Lemma is_derive_farey_step (g g1 g2 : R -> R) W : 1 <= W ->
  (forall t, 1 <= t -> is_derive g t (g1 t) /\ is_derive g1 t (g2 t)) ->
  is_derive (farey_step g) W (farey_step' g g1 W)
  /\ is_derive (farey_step' g g1) W (farey_step'' g g1 g2 W).
Proof.
  intros HW Hg.
  assert (Hi : 0 < / W) by (apply Rinv_0_lt_compat; lra).
  destruct (Hg (W + 1)) as [Hu1 Hu2]; [lra|].
  destruct (Hg (1 + / W)) as [Hv1 Hv2]; [lra|].
  unfold farey_step, farey_step', farey_step''; split; auto_derive.
  all: try (repeat split; try (intro; nra); try lra; eexists; eassumption).
  all: change (fun x : R => g x) with g; change (fun x : R => g1 x) with g1.
  all: rewrite ?(is_derive_unique _ _ _ Hu1), ?(is_derive_unique _ _ _ Hv1),
          ?(is_derive_unique _ _ _ Hu2), ?(is_derive_unique _ _ _ Hv2).
  all: field; lra.
Qed.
+-------+
### [THE PROBLEM]
When copying the data above, please keep exactly the lines from its first line through the line with "all: try (repeat", both ends included, and drop the rest.

### [ANSWER SECTION]
Lemma is_derive_farey_step (g g1 g2 : R -> R) W : 1 <= W ->
  (forall t, 1 <= t -> is_derive g t (g1 t) /\ is_derive g1 t (g2 t)) ->
  is_derive (farey_step g) W (farey_step' g g1 W)
  /\ is_derive (farey_step' g g1) W (farey_step'' g g1 g2 W).
Proof.
  intros HW Hg.
  assert (Hi : 0 < / W) by (apply Rinv_0_lt_compat; lra).
  destruct (Hg (W + 1)) as [Hu1 Hu2]; [lra|].
  destruct (Hg (1 + / W)) as [Hv1 Hv2]; [lra|].
  unfold farey_step, farey_step', farey_step''; split; auto_derive.
  all: try (repeat split; try (intro; nra); try lra; eexists; eassumption).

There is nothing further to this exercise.